*EXERCISE OBJECTIVE:* When you find the line with "move/eqP; rewrite expf_eq0 /= subr_eq0" among the records below, reproduce it and each line after it exactly, ending with the line with "Lemma idealMl a".

Stored items
Lemma inO_unit_root_of_unity z : inO d z -> z * z^* = 1 -> root_of_unity z.
Proof.
move=> zO zz1; have /intrP [t tr_z] := inO_trace_int zO.
have z2 : z ^+ 2 = t%:~R * z - 1 by rewrite -tr_z -zz1; ring.
have t2_le4 : (t%:~R : algC) ^+ 2 <= 4.
  have -> : (t%:~R : algC) ^+ 2 = 4 - (z - z^*) * (z - z^*)^*.
    by rewrite -tr_z rmorphB /= conjCK -[4]mulr1 -{2}zz1; ring.
  by rewrite lerBlDr lerDl mul_conjC_ge0.
have : t = -2 \/ t = -1 \/ t = 0 \/ t = 1 \/ t = 2.
  have : t ^+ 2 <= 4 by rewrite -(ler_int algC) rmorphXn.
  lia.
(* X^2 - t X + 1 divides X^m - 1 for (t, m) = (-1, 3), (0, 4), (1, 6) *)
have divides m (q : algC) :
    (0 < m)%N -> z ^+ m - 1 = (z ^+ 2 - (t%:~R * z - 1)) * q -> root_of_unity z.
  by move=> m_gt0 zm; exists m; split=> //; apply/eqP; rewrite -subr_eq0 zm z2 subrr mul0r.
case=> [|[|[|[|]]]] t_val; rewrite t_val in z2.
- have : (z + 1) ^+ 2 = 0 by rewrite sqrrD z2; ring.
  move/eqP; rewrite expf_eq0 /= addr_eq0 => /eqP ->.
  by exists 2%N; rewrite sqrrN expr1n.
- by apply: (divides 3%N (z - 1)) => //; rewrite t_val; ring.
- by apply: (divides 4%N (z ^+ 2 - 1)) => //; rewrite t_val; ring.
- by apply: (divides 6%N (z ^+ 4 + z ^+ 3 - z - 1)) => //; rewrite t_val; ring.
- have : (z - 1) ^+ 2 = 0 by rewrite sqrrB z2; ring.
  move/eqP; rewrite expf_eq0 /= subr_eq0 => /eqP ->.
  by exists 1%N; rewrite expr1n.
Qed.

End ImaginaryQuadraticField.

Definition ideal_min_nat (I : algC -> Prop) : nat -> Prop :=
  least_nat (fun k => (0 < k)%N /\ I k%:R).

Section Ideals.
Variable d : nat.
Variable I : algC -> Prop.
Hypothesis I_ideal : is_ideal d I.

Lemma ideal_inO x : I x -> inO d x.
Proof. by case: I_ideal => IO _; apply: IO. Qed.

Lemma ideal0 : I 0.
Proof. by case: I_ideal => _ []. Qed.

Lemma idealD x y : I x -> I y -> I (x + y).
Proof. by case: I_ideal => _ [_ [ID _]]; apply: ID. Qed.

Lemma idealMl a x : inO d a -> I x -> I (a * x).
Proof. by case: I_ideal => _ [_ [_ IM]]; apply: IM. Qed.

Lemma idealMr a x : inO d a -> I x -> I (x * a).
Proof. by rewrite mulrC; apply: idealMl. Qed.

Lemma idealN x : I x -> I (- x).
Proof. by rewrite -mulN1r; apply: idealMl (inO_int _ (-1)). Qed.

Lemma idealB x y : I x -> I y -> I (x - y).
Proof. by move=> Ix /idealN; apply: idealD. Qed.

Lemma ideal_sum (T : eqType) (r : seq T) (F : T -> algC) :
  {in r, forall i, I (F i)} -> I (\sum_(i <- r) F i).
Proof. by move=> FI; rewrite big_seq; apply: big_ind => //; [exact: ideal0 | exact: idealD]. Qed.

Variable n : nat.
Hypothesis n_min : ideal_min_nat I n.

Lemma ideal_min_nat_gt0 : (0 < n)%N.
Proof. by case: n_min => [[]]. Qed.

Lemma ideal_min_nat_in : I n%:R.
Proof. by case: n_min => [[]]. Qed.

Lemma ideal_int_multiple (k : int) : I ((k %/ n)%Z%:~R * n%:R).
Proof. by apply: idealMl (inO_int _ _) ideal_min_nat_in. Qed.

Lemma ideal_int_dvd (k : int) : I k%:~R -> (n %| k)%Z.
Proof.
move=> Ik; have [_ n_le] := n_min.
have : I (k %% n)%Z%:~R.
  have -> : (k %% n)%Z = k - (k %/ n)%Z * n by lia.
  by rewrite intrB intrM -pmulrn; apply: idealB Ik (ideal_int_multiple k).
have n_gt0 : 0 < n%:Z by rewrite ltz_nat ideal_min_nat_gt0.
move=> Ir; apply/dvdz_mod0P; move: Ir (modz_ge0 k (lt0r_neq0 n_gt0)) (ltz_pmod k n_gt0).
case: (k %% n)%Z => // -[|r] // Ir _ r_lt.
by have := n_le r.+1 (conj isT Ir); move: r_lt; rewrite ltz_nat; lia.
Qed.

Lemma ideal_min_nat_inj i j : (i < n)%N -> (j < n)%N -> I (i%:R - j%:R) -> i = j.
Proof.
move=> i_lt j_lt Iij.
have /ideal_int_dvd : I (i%:Z - j%:Z)%:~R by rewrite intrB -!pmulrn.
by rewrite -eqz_mod_dvd !modz_nat !modn_small // => /eqP [].
Qed.

Lemma ideal_index_ge m : ideal_index d I m -> (n <= m)%N.
Proof.
move=> [f [_ [_ f_onto]]].
have /choice [g gP] : forall i : 'I_n, exists j, I (i%:R - f j).
  by move=> i; apply: f_onto; apply: inO_nat.
rewrite -[n]card_ord -[m]card_ord; apply: (@leq_card _ _ g) => i j gij.
apply/val_inj/ideal_min_nat_inj; rewrite ?ltn_ord //.
by have := idealB (gP i) (gP j); rewrite gij opprB addrA subrK.
Qed.

Hypothesis d_gt0 : (0 < d)%N.

Lemma ideal_min_nat_exists : ideal_nonzero I -> exists n, ideal_min_nat I n.
Proof.
move=> [x [Ix x_neq0]]; apply: least_nat_exists.
have xO := ideal_inO Ix.
have /natrP [k Nx] : x * x^* \is a Num.nat.
  by rewrite natrEint (inO_norm_int d_gt0 xO) mul_conjC_ge0.
exists k; split; first by rewrite -(ltr0n algC) -Nx mul_conjC_gt0; apply/eqP.
by rewrite -Nx; apply: idealMr (inO_conj d_gt0 xO) Ix.
Qed.

Hypothesis I_coprime : ideals_coprime I (conj_ideal I).

(* With a + b = 1, a in I and b^* in I, x is congruent to the integer x a^* + x^* a. *)
Lemma ideal_int_residue x : inO d x -> exists k : int, I (x - k%:~R).
Proof.
move=> xO; have [a [b [Ia [Ibc ab1]]]] := I_coprime.
have aO := ideal_inO Ia.
have /intrP [k tr] : x * a^* + x^* * a \is a Num.int.
  by have := inO_trace_int d_gt0 (inO_mul xO (inO_conj d_gt0 aO)); rewrite rmorphM /= conjCK.
exists k; rewrite -tr.
have -> : x - (x * a^* + x^* * a) = x * b^* - x^* * a.
  have ab1c : a^* + b^* = 1 by rewrite -rmorphD ab1 rmorph1.
  by rewrite -{1}[x]mulr1 -ab1c; ring.
by apply: idealB; apply: idealMl => //; apply: inO_conj.
Qed.

Lemma ideal_index_min_nat : ideal_index d I n.
Proof.
have n_gt0 : 0 < n%:Z by rewrite ltz_nat ideal_min_nat_gt0.
have n_neq0 := lt0r_neq0 n_gt0.
exists (fun i : 'I_n => (i : nat)%:R); split; first by move=> i; apply: inO_nat.
split=> [i j Iij|x xO].
  by apply/val_inj/ideal_min_nat_inj; rewrite ?ltn_ord.
have [k Ixk] := ideal_int_residue xO.
have r_ge0 := modz_ge0 k n_neq0.
have r_lt : (`|(k %% n)%Z| < n)%N by rewrite -ltz_nat gez0_abs ?ltz_pmod.
exists (Ordinal r_lt); rewrite /= pmulrn gez0_abs //.
have -> : x - (k %% n)%Z%:~R = (x - k%:~R) + (k %/ n)%Z%:~R * n%:R.
  have -> : (k %% n)%Z = k - (k %/ n)%Z * n by lia.
  by rewrite intrB intrM -pmulrn; ring.
exact: idealD Ixk (ideal_int_multiple k).
Qed.

End Ideals.

Lemma inO_multiple_sum d g (T : eqType) (r : seq T) (F : T -> algC) :
  {in r, forall i, exists c, inO d c /\ F i = c * g} ->
  exists c, inO d c /\ \sum_(i <- r) F i = c * g.
Proof.
move=> Fg; rewrite big_seq; apply: (big_ind (fun y => exists c, inO d c /\ y = c * g)) => //.
- by exists 0; split; [exact: (inO_nat d 0) | rewrite mul0r].
- move=> _ _ [c1 [c1O ->]] [c2 [c2O ->]].
  by exists (c1 + c2); rewrite mulrDl; split=> //; apply: inO_add.
Qed.

Section UnitCircleToIdeal.
Variable d : nat.
Hypothesis d_gt0 : (0 < d)%N.

Lemma pi_is_ideal z : is_ideal d (pi_ d z).
Proof.
split; [by move=> x [] | split; [|split]].
- by rewrite /pi_ mul0r; split; exact: (inO_nat d 0).
- move=> x y [xO xzO] [yO yzO].
  by split; [apply: inO_add | rewrite mulrDl; apply: inO_add].
- move=> c x cO [xO xzO].
  by split; [apply: inO_mul | rewrite -mulrA; apply: inO_mul].
Qed.

Lemma pi_nat_trace_int z (k : nat) : pi_ d z k%:R -> k%:R * (z + z^*) \is a Num.int.
Proof. by move=> [_ /(inO_trace_int d_gt0)]; rewrite rmorphM /= conjC_nat mulrDr. Qed.

Variable z : algC.
Hypothesis zK : inK d z.
Hypothesis z_unit : z * z^* = 1.
Variables A p : int.
Hypothesis A_neq0 : A != 0.
Hypothesis pA_coprime : coprimez p A.
Hypothesis A_trace : A%:~R * (z + z^*) = p%:~R.

Local Notation a := (A%:~R : algC).

Lemma eq_mod_unit_circle x y k : x - y = k * (1 - z * z^*) -> x = y.
Proof. by rewrite z_unit subrr mulr0 => /subr0_eq. Qed.

Lemma inO_Az : inO d (a * z).
Proof.
apply: inO_trace_norm; first exact: inK_mul (inK_int _ _) zK.
  by rewrite rmorphM /= rmorph_int -mulrDr A_trace rpred_int.
by rewrite rmorphM /= rmorph_int mulrACA z_unit mulr1 rpredM ?rpred_int.
Qed.

Lemma inO_Azc : inO d (a * z^*).
Proof. by have := inO_conj d_gt0 inO_Az; rewrite rmorphM /= rmorph_int. Qed.

Lemma trace_bezout : exists u v : int, u%:~R * (a * z + a * z^*) + v%:~R * a = 1.
Proof.
have [u [v uv]] := Bezoutz p A; move: pA_coprime uv; rewrite /coprimez => /eqP -> uv.
by exists u, v; rewrite -mulrDr A_trace -!intrM -intrD uv.
Qed.

Lemma piP x :
  pi_ d z x <-> exists c1 c2, [/\ inO d c1, inO d c2 & x = c1 * a + c2 * (a * z^*)].
Proof.
have [u [v uv]] := trace_bezout; have aO : inO d a by apply: inO_int.
split=> [[xO xzO]|[c1 [c2 [c1O c2O ->]]]].
  exists (u%:~R * (x * z) + v%:~R * x), (u%:~R * x); split.
  - by apply: inO_add; apply: inO_mul => //; apply: inO_int.
  - by apply: inO_mul => //; apply: inO_int.
  - by rewrite -[LHS]mulr1 -[in LHS]uv; ring.
split; first exact: inO_add (inO_mul c1O aO) (inO_mul c2O inO_Azc).
have -> : (c1 * a + c2 * (a * z^*)) * z = c1 * (a * z) + c2 * a * (z * z^*) by ring.
by rewrite z_unit mulr1; apply: inO_add (inO_mul c1O inO_Az) (inO_mul c2O aO).
Qed.

Lemma pi_A : pi_ d z a.
Proof.
apply/piP; exists 1, 0; split; [exact: (inO_nat d 1) | exact: (inO_nat d 0) | ring].
Qed.

Lemma pi_mul_Azc c : inO d c -> pi_ d z (c * (a * z^*)).
Proof. by move=> cO; apply/piP; exists 0, c; split=> //; [exact: (inO_nat d 0) | ring]. Qed.

Lemma pi_nonzero : ideal_nonzero (pi_ d z).
Proof. by exists a; split; [exact: pi_A | apply/eqP; rewrite intr_eq0]. Qed.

*RESPONSE BOX:*
  move/eqP; rewrite expf_eq0 /= subr_eq0 => /eqP ->.
  by exists 1%N; rewrite expr1n.
Qed.

End ImaginaryQuadraticField.

Definition ideal_min_nat (I : algC -> Prop) : nat -> Prop :=
  least_nat (fun k => (0 < k)%N /\ I k%:R).

Section Ideals.
Variable d : nat.
Variable I : algC -> Prop.
Hypothesis I_ideal : is_ideal d I.

Lemma ideal_inO x : I x -> inO d x.
Proof. by case: I_ideal => IO _; apply: IO. Qed.

Lemma ideal0 : I 0.
Proof. by case: I_ideal => _ []. Qed.

Lemma idealD x y : I x -> I y -> I (x + y).
Proof. by case: I_ideal => _ [_ [ID _]]; apply: ID. Qed.

Lemma idealMl a x : inO d a -> I x -> I (a * x).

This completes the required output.